Stored data:
------------

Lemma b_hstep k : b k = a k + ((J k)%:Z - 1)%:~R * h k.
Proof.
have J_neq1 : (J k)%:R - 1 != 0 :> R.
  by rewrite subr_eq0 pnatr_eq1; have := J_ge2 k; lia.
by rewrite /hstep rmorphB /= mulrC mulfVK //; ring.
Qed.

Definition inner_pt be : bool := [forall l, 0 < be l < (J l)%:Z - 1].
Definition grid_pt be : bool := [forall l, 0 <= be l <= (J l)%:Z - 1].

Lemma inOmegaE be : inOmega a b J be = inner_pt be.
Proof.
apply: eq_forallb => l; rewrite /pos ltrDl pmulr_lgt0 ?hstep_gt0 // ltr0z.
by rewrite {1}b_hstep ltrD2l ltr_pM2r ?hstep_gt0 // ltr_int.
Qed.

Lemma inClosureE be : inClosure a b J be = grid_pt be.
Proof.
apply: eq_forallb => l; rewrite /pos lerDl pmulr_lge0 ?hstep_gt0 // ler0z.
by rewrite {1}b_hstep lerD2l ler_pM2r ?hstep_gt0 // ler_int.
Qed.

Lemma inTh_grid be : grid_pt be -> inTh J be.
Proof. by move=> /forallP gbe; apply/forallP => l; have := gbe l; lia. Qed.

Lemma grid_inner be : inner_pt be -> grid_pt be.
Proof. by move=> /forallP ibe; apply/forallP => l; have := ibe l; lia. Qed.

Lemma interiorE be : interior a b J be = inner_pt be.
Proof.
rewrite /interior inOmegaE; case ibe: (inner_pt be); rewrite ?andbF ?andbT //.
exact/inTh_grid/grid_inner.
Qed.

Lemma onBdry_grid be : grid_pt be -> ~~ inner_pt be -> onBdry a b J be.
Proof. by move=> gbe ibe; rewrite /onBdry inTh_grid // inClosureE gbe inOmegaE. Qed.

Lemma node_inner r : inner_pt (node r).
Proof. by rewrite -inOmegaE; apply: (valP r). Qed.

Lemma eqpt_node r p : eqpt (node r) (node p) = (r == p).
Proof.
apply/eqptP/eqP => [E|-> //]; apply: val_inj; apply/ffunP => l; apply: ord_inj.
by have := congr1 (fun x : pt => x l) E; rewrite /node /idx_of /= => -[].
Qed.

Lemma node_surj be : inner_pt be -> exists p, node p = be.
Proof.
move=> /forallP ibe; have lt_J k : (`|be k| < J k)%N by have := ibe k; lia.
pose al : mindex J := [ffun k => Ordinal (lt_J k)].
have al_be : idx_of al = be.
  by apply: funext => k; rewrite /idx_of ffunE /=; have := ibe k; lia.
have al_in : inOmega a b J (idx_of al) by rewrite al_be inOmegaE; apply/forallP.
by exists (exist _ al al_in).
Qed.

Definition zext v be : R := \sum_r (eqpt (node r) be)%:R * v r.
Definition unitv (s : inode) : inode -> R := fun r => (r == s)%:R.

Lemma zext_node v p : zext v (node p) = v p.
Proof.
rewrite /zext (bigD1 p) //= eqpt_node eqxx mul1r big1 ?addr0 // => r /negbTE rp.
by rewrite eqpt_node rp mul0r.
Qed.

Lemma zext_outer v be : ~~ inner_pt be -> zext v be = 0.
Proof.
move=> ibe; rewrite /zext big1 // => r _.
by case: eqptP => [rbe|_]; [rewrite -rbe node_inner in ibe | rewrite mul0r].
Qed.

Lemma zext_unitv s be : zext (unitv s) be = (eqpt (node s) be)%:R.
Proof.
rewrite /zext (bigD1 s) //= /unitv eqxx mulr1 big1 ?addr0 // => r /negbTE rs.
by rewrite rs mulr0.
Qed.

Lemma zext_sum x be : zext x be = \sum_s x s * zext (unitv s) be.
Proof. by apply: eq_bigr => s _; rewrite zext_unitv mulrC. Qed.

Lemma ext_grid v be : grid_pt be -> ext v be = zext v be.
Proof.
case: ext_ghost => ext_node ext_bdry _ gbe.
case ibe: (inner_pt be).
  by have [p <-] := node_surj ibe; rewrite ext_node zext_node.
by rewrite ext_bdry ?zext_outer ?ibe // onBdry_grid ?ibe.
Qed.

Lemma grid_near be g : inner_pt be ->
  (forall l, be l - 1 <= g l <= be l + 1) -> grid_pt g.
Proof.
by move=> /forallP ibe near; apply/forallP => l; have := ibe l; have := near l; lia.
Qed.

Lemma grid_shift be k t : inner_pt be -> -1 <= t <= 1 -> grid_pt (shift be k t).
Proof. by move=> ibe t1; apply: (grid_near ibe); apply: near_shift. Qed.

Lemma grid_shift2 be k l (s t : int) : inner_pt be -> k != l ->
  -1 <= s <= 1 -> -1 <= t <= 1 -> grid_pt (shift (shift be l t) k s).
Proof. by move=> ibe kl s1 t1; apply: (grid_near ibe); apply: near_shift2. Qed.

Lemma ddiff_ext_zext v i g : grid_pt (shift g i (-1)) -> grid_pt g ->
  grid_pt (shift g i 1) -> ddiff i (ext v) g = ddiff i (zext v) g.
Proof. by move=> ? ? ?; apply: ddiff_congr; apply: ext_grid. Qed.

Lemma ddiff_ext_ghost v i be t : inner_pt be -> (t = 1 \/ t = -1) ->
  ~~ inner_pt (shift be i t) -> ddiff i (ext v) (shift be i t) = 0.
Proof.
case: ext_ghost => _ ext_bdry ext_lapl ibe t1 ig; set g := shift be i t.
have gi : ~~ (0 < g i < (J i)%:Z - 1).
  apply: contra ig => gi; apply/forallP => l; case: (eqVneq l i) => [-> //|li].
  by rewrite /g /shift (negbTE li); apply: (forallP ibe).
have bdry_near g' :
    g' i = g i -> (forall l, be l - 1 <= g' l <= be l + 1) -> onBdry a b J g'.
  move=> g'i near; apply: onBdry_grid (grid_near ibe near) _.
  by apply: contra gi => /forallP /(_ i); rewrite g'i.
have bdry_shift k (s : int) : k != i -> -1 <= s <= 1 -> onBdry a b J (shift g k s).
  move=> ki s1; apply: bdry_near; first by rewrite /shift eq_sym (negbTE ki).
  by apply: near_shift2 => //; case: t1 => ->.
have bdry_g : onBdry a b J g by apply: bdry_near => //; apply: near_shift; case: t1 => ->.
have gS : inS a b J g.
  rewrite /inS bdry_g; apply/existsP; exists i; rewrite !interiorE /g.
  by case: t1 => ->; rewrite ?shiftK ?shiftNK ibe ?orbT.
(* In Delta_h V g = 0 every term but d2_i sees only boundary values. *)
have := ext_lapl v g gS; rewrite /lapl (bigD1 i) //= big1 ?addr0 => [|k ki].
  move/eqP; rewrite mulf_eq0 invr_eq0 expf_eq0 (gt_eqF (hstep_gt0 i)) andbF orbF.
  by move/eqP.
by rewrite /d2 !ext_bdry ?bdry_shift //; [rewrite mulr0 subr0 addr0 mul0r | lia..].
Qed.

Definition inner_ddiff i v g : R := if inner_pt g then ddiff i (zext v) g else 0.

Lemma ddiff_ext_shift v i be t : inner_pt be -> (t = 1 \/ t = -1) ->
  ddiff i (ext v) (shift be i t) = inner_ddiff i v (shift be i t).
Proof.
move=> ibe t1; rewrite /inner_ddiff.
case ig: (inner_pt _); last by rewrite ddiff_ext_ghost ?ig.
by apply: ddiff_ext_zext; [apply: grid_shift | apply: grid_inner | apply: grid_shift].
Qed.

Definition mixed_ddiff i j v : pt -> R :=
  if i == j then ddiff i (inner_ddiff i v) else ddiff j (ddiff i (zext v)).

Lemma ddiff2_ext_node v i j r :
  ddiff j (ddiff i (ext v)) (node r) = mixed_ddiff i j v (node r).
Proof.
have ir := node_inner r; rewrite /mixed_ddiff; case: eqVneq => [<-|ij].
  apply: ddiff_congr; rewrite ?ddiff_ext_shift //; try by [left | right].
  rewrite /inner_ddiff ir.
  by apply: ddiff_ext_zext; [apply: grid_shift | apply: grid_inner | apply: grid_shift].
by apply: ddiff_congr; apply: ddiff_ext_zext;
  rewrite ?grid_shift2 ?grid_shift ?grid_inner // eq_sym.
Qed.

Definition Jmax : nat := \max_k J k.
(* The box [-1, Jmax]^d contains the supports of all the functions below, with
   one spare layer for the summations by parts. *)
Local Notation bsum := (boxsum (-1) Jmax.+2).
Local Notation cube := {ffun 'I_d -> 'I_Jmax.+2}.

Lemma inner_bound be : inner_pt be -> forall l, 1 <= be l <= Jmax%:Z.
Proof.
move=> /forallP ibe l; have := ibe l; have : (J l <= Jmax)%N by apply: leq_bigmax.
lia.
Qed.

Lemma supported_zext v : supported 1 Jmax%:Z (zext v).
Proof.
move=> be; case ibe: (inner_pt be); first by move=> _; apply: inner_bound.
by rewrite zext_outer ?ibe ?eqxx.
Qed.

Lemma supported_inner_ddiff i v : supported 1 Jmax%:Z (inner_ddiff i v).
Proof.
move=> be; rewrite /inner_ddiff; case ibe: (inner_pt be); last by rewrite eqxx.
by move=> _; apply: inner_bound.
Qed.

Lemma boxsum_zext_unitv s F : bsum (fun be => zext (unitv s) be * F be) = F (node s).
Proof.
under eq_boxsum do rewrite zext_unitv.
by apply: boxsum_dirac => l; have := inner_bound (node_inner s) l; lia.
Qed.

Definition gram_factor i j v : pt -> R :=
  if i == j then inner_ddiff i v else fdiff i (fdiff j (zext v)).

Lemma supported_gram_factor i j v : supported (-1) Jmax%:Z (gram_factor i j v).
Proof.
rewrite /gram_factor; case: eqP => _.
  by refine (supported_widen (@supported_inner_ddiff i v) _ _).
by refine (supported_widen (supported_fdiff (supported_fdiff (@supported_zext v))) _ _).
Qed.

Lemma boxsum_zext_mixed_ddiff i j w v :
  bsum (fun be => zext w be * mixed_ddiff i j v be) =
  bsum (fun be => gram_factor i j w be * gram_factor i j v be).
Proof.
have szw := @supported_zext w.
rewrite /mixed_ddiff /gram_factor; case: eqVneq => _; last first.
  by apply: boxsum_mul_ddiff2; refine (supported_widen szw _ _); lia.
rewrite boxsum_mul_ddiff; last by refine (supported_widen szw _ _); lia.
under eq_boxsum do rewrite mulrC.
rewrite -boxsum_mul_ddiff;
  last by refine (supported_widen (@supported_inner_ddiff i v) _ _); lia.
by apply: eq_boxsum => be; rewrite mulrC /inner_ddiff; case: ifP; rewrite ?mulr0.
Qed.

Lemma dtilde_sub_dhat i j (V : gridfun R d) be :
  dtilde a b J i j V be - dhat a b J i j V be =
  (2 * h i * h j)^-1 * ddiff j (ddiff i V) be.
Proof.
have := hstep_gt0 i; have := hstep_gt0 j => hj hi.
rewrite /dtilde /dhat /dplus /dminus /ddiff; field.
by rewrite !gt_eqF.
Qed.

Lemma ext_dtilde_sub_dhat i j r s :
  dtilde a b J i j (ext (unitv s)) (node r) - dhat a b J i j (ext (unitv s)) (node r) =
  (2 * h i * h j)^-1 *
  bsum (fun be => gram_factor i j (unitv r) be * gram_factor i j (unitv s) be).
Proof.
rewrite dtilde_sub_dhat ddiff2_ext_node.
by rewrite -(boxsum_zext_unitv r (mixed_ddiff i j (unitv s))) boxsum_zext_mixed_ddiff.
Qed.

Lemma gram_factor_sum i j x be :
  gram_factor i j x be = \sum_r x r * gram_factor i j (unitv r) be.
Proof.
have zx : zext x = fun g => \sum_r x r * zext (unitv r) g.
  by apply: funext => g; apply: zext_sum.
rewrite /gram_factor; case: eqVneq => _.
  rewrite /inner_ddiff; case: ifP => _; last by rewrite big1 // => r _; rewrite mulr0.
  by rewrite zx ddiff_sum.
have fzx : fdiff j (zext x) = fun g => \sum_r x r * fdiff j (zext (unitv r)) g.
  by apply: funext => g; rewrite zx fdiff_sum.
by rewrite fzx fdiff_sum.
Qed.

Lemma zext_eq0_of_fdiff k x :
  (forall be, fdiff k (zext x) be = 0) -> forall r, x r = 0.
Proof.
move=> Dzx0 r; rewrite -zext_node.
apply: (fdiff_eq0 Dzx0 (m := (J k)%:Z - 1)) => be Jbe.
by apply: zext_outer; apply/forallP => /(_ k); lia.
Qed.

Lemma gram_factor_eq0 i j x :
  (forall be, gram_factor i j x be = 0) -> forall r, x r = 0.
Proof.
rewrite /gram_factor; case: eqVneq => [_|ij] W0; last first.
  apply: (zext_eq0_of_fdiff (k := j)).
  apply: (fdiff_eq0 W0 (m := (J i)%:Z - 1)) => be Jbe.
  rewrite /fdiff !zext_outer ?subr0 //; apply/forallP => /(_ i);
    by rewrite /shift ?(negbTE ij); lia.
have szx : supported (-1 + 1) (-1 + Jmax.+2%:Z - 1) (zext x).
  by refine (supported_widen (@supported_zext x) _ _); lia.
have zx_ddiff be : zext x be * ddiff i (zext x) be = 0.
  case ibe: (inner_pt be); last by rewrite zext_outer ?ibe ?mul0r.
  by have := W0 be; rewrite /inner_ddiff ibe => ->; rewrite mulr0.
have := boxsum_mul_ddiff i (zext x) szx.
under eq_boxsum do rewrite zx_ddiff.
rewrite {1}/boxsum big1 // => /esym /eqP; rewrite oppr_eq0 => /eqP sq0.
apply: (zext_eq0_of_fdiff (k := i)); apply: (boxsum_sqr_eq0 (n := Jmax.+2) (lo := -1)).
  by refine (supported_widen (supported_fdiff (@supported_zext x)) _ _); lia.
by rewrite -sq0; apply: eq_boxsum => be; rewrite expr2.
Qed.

------------

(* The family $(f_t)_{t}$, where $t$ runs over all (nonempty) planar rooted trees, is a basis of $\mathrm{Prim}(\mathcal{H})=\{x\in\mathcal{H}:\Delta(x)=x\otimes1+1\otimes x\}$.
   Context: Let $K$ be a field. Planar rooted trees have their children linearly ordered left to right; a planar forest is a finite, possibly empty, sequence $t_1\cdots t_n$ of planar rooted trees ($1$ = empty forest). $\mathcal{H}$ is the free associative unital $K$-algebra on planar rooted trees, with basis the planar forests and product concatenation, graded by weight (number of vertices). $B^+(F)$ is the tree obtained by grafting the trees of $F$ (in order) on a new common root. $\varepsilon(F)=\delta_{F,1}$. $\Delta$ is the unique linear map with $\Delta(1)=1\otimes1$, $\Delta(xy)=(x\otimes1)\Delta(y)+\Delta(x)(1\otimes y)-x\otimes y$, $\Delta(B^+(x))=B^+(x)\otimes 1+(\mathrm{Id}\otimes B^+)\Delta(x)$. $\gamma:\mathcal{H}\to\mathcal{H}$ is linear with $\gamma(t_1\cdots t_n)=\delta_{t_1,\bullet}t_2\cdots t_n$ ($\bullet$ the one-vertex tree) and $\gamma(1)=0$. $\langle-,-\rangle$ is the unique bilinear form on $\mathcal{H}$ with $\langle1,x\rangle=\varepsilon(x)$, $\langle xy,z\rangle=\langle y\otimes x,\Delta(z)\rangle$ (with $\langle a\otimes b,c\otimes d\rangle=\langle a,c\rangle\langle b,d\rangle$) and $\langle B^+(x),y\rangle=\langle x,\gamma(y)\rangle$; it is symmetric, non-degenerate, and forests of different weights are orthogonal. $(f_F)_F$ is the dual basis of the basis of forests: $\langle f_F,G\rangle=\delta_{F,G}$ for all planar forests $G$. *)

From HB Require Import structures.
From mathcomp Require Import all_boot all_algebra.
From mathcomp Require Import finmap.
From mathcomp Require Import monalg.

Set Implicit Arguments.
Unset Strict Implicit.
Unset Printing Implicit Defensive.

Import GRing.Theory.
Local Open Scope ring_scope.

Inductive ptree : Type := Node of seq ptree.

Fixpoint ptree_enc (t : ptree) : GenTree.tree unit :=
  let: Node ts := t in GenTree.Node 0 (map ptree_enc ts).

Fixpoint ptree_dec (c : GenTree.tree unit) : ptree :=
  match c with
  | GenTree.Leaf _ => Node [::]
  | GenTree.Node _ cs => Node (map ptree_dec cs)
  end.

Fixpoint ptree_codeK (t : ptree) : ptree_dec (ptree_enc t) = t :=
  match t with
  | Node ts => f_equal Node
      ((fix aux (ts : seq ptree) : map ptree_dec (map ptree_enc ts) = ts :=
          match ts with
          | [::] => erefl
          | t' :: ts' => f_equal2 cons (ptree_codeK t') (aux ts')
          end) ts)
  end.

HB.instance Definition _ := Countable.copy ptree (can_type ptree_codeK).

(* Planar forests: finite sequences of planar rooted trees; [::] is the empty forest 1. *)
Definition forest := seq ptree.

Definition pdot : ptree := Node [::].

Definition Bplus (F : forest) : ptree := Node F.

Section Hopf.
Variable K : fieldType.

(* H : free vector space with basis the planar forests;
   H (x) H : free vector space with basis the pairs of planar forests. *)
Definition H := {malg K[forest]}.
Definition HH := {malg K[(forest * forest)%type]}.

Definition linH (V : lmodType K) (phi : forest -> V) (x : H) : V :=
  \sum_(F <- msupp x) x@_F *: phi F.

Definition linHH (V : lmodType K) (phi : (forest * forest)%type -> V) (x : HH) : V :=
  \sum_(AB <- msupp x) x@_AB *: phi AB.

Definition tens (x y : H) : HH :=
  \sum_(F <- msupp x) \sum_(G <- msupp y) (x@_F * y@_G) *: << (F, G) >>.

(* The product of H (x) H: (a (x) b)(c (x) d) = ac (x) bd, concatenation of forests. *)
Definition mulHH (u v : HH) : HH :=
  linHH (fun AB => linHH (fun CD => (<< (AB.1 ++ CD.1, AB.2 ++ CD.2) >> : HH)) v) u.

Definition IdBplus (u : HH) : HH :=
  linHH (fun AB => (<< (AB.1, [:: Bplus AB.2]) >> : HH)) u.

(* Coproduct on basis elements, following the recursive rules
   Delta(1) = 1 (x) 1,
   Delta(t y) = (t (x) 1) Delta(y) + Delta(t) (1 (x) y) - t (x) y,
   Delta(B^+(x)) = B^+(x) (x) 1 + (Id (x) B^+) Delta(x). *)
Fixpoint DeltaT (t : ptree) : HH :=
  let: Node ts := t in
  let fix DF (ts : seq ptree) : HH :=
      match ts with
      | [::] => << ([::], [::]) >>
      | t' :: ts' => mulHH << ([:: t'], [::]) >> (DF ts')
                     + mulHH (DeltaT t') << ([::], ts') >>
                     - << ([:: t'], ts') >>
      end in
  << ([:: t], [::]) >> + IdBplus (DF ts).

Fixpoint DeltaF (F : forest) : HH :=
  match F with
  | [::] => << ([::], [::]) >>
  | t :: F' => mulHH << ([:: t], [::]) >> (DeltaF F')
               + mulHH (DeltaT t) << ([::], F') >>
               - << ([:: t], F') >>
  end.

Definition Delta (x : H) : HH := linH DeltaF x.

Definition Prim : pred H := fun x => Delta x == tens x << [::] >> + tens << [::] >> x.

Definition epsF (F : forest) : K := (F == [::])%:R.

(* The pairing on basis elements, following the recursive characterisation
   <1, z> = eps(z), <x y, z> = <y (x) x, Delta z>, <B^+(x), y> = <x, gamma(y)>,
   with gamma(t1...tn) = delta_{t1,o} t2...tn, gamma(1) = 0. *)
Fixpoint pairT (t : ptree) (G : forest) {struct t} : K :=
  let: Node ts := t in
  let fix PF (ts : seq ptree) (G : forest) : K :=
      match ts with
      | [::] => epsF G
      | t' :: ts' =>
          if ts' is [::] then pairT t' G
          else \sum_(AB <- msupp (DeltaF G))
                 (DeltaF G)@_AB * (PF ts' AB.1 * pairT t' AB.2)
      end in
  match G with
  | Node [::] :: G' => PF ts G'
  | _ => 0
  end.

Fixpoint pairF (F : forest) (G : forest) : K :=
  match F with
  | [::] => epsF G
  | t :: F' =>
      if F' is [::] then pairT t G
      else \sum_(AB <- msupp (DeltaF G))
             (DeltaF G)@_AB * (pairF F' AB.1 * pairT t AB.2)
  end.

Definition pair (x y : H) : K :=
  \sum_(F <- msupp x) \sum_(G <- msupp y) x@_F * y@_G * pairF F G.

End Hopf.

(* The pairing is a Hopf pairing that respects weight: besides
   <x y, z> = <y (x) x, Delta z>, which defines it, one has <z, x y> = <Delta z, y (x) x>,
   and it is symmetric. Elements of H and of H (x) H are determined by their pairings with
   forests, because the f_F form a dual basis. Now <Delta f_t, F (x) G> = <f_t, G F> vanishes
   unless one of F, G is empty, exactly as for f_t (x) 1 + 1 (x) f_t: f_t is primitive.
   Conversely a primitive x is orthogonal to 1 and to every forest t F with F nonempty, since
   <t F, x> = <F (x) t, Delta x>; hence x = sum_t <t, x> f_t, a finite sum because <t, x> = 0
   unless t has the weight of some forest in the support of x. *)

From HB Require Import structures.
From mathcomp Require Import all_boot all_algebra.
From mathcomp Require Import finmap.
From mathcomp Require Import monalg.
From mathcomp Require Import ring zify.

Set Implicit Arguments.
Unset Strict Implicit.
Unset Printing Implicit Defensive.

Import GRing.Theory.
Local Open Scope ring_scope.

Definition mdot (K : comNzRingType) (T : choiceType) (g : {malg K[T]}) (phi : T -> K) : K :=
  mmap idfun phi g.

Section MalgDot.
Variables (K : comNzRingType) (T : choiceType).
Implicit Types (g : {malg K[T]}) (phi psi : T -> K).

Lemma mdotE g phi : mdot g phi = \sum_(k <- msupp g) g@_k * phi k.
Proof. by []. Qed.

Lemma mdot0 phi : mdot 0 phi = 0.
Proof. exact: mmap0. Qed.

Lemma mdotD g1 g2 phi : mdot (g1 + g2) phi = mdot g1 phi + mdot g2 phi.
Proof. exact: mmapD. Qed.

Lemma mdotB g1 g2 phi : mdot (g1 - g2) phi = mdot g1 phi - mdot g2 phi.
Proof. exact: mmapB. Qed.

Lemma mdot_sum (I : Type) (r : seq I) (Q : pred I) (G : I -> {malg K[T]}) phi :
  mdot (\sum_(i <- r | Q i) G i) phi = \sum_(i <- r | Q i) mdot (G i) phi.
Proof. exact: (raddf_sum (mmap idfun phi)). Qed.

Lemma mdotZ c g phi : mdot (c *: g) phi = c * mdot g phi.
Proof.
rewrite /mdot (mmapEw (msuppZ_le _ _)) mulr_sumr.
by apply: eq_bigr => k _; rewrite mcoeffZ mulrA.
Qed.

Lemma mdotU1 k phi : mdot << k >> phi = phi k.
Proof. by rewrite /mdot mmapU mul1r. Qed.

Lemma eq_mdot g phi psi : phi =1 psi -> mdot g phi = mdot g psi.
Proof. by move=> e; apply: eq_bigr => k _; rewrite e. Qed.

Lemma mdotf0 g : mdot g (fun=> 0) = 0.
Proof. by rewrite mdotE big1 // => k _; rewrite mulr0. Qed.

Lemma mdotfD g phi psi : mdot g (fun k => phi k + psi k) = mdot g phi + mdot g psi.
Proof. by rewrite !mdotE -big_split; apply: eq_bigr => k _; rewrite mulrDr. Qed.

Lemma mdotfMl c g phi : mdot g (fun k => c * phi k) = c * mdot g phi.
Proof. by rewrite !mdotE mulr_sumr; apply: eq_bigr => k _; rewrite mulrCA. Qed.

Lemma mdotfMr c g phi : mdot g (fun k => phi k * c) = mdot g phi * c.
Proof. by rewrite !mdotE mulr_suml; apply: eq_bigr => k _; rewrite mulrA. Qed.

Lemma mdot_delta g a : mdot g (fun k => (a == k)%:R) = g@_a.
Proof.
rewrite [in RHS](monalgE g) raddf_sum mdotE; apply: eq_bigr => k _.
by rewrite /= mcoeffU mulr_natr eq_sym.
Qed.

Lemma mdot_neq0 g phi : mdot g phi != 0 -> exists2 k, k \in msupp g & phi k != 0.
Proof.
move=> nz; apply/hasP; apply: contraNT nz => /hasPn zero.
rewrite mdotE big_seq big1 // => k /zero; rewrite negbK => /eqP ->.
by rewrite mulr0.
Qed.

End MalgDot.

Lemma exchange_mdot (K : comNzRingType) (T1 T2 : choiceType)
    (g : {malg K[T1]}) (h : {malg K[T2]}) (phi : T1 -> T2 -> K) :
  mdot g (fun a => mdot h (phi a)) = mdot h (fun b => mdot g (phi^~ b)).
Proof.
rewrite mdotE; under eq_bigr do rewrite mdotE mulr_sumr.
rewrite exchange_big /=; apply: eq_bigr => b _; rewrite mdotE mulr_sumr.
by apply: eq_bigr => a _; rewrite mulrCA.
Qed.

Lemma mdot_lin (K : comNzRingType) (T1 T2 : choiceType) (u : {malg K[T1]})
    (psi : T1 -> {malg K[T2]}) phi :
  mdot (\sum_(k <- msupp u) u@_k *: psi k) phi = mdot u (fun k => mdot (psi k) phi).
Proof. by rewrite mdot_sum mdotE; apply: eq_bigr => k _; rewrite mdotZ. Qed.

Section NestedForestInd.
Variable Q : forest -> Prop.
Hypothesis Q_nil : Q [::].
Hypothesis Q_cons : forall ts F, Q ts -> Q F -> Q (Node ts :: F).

------------

Where the string "mulHH" turns up in a line of the data above, copy that whole line.

Response to this task:
Definition mulHH (u v : HH) : HH :=
      | t' :: ts' => mulHH << ([:: t'], [::]) >> (DF ts')
                     + mulHH (DeltaT t') << ([::], ts') >>
  | t :: F' => mulHH << ([:: t], [::]) >> (DeltaF F')
               + mulHH (DeltaT t) << ([::], F') >>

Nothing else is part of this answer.